(Beginning of Listed entries)

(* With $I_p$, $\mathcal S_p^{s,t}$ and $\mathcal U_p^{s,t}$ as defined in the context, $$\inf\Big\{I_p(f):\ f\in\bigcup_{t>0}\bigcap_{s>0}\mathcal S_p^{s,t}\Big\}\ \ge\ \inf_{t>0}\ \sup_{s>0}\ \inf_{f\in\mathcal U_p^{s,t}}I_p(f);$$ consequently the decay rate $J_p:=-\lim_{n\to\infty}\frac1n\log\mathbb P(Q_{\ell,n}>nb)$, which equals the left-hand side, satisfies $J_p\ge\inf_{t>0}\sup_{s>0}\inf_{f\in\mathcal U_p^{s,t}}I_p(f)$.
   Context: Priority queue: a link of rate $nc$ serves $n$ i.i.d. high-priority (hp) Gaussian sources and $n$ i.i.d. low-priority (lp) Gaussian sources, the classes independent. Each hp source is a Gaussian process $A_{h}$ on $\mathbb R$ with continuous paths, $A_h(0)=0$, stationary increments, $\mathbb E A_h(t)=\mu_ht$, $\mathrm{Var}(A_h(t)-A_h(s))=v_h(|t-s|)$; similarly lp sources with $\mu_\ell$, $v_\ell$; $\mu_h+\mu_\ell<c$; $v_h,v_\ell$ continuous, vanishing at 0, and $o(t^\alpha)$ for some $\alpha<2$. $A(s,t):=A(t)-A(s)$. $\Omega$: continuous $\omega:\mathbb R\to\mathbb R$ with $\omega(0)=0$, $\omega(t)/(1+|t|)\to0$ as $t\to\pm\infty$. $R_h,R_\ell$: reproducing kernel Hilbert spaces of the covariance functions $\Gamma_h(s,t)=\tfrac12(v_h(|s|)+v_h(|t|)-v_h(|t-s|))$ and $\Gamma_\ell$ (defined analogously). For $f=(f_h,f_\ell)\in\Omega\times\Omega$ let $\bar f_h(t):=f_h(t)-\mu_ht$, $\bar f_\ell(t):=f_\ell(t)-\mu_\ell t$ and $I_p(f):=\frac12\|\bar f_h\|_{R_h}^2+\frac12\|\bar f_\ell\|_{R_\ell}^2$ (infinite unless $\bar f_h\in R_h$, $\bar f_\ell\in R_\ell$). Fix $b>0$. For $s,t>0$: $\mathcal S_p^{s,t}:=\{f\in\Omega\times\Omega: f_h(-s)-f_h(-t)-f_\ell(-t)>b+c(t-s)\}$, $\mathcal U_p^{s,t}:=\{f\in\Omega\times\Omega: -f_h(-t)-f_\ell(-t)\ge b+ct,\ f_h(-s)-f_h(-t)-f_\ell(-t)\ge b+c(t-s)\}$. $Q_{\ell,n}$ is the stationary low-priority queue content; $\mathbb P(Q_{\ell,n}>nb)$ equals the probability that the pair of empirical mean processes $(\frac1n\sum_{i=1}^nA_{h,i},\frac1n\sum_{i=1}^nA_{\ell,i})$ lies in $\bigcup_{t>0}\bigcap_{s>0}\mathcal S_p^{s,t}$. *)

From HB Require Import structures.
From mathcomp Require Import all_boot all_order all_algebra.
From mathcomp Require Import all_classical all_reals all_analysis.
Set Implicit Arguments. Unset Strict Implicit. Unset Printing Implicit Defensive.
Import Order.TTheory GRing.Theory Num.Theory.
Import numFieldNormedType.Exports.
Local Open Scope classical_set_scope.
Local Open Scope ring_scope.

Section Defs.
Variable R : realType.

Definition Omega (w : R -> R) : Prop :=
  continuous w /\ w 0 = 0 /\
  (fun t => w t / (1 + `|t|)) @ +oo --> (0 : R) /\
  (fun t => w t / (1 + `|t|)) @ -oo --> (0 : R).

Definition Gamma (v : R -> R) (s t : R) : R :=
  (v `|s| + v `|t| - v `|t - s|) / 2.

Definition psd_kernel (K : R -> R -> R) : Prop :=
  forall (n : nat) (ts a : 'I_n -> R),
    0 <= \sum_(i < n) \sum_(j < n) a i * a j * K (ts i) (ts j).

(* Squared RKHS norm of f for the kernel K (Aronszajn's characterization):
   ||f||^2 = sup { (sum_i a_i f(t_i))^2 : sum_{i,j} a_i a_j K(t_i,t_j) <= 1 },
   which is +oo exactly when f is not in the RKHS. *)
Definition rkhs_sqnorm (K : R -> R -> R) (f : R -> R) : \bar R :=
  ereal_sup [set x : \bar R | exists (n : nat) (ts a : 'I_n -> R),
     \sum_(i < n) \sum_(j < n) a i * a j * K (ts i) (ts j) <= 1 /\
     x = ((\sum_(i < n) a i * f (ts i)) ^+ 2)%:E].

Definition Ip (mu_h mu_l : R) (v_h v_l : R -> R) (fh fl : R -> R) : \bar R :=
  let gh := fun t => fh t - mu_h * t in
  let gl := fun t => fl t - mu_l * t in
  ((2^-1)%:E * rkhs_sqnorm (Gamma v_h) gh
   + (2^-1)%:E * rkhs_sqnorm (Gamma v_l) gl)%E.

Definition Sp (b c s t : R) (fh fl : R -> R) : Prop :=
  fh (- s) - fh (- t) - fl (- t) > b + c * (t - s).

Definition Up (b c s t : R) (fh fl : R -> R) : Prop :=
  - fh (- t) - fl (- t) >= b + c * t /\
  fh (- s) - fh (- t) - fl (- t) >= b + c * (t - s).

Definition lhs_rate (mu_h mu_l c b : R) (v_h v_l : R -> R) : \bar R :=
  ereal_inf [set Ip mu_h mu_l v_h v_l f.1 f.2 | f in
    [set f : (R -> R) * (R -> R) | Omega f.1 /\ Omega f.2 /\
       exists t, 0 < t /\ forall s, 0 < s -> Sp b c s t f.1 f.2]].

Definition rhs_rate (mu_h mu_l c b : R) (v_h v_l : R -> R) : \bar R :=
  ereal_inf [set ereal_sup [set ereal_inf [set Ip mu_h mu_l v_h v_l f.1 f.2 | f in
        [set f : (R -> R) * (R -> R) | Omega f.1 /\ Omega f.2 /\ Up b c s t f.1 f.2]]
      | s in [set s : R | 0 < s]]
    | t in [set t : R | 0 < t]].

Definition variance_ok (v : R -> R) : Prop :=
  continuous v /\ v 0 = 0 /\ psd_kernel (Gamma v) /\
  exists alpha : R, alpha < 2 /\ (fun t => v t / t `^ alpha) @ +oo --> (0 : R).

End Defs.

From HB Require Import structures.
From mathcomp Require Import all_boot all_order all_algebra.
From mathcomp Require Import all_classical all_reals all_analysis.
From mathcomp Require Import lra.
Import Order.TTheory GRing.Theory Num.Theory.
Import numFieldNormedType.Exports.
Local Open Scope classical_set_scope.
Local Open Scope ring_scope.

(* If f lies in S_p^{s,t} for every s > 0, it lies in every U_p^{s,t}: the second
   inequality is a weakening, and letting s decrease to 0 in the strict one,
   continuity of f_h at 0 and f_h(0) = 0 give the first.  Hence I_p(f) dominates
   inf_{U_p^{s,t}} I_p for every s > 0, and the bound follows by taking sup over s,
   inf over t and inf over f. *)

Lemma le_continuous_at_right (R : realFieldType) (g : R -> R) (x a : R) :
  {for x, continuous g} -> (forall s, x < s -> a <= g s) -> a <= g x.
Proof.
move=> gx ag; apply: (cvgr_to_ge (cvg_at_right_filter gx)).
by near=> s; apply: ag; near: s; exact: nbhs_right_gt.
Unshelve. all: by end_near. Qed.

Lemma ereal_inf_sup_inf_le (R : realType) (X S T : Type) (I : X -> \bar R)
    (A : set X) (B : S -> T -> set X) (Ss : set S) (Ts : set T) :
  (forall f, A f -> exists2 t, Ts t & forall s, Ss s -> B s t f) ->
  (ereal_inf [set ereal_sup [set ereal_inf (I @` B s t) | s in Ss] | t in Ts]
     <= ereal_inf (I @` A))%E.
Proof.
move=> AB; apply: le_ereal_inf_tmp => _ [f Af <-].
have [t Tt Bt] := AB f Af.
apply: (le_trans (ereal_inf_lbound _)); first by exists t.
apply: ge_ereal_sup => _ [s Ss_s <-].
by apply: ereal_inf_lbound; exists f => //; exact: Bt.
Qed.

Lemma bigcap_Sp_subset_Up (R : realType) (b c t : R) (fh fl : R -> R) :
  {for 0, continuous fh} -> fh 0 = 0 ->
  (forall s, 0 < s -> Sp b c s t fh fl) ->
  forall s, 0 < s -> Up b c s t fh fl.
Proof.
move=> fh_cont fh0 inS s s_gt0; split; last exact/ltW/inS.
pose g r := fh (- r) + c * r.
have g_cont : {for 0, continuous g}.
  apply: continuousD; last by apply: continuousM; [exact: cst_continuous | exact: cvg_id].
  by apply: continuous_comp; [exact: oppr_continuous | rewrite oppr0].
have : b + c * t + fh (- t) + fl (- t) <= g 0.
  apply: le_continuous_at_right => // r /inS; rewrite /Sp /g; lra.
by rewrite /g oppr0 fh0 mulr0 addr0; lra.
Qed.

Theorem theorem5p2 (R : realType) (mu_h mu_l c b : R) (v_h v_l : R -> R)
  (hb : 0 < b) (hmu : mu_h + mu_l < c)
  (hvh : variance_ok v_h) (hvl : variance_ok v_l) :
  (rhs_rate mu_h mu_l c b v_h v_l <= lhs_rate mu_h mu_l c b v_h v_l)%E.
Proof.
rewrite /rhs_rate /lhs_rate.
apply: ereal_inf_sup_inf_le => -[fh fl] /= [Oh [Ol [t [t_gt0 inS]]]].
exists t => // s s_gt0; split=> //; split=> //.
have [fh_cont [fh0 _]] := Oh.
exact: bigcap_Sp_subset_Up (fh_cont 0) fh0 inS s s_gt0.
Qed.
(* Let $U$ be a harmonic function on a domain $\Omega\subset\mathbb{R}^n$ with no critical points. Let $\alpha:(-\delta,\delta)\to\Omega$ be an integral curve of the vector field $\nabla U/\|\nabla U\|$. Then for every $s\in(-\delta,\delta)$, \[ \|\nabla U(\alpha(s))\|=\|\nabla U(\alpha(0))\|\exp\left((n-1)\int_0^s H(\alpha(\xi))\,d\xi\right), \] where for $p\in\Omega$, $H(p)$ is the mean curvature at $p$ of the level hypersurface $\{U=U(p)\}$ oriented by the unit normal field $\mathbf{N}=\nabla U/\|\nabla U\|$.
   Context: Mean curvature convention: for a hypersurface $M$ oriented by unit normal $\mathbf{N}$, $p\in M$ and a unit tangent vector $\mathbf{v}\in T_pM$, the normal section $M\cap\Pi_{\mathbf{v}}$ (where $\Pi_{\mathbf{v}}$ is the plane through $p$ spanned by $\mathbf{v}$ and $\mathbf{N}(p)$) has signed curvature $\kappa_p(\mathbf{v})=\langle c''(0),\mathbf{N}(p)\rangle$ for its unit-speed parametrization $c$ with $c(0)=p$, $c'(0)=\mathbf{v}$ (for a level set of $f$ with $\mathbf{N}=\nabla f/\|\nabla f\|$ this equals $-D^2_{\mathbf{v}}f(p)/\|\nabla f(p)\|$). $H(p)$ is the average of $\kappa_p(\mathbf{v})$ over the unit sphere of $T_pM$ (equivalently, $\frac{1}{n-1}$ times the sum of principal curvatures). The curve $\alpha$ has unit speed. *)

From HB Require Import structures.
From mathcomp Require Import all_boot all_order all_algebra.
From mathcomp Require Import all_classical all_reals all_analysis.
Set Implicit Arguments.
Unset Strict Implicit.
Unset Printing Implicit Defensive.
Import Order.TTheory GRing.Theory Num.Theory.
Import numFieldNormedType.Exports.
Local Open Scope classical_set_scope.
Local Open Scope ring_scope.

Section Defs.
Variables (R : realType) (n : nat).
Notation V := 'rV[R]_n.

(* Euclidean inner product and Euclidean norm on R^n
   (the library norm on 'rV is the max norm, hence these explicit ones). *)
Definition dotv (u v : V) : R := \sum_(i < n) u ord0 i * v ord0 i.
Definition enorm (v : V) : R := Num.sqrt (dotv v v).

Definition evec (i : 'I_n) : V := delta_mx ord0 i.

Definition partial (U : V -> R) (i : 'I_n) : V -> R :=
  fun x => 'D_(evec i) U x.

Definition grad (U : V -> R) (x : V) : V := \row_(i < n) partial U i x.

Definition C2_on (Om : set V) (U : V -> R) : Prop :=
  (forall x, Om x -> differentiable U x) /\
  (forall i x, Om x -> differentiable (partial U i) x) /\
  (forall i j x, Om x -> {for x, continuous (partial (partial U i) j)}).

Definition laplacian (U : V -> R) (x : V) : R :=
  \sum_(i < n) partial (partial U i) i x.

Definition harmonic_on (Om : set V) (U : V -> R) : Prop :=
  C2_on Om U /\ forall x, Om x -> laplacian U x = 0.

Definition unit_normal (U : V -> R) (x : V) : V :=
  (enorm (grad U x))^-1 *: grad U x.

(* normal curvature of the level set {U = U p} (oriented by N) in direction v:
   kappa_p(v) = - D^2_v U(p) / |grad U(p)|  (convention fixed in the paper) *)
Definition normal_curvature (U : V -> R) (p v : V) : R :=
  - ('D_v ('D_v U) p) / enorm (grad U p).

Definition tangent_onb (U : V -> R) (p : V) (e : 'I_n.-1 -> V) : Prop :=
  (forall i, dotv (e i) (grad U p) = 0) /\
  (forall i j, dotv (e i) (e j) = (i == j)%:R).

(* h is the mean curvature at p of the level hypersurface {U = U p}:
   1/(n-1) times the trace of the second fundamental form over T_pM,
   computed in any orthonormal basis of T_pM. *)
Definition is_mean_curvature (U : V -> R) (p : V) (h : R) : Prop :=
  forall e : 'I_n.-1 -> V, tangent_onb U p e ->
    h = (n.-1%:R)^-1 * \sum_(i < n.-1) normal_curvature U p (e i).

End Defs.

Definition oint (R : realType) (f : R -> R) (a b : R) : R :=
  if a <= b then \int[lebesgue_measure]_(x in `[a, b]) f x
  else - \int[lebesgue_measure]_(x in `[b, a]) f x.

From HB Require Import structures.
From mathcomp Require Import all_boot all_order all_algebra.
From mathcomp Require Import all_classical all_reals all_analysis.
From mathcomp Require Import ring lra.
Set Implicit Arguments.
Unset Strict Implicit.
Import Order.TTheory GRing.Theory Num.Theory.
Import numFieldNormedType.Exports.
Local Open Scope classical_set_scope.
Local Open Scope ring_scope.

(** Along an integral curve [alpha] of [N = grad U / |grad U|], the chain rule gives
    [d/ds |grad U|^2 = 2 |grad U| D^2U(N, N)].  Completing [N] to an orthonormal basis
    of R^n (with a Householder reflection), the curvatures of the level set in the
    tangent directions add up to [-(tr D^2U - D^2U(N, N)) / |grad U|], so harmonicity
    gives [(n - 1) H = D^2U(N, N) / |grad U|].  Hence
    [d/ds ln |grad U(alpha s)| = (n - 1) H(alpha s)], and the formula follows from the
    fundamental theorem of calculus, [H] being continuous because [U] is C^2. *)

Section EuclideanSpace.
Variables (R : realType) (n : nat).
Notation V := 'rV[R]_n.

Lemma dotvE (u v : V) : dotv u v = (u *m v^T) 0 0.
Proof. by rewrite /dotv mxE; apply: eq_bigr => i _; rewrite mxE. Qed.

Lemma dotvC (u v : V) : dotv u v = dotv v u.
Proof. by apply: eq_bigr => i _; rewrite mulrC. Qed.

(End of Listed entries)

Brief: Your reply should consist solely of the number of lines above that contain the word "enorm".

Task answer: 3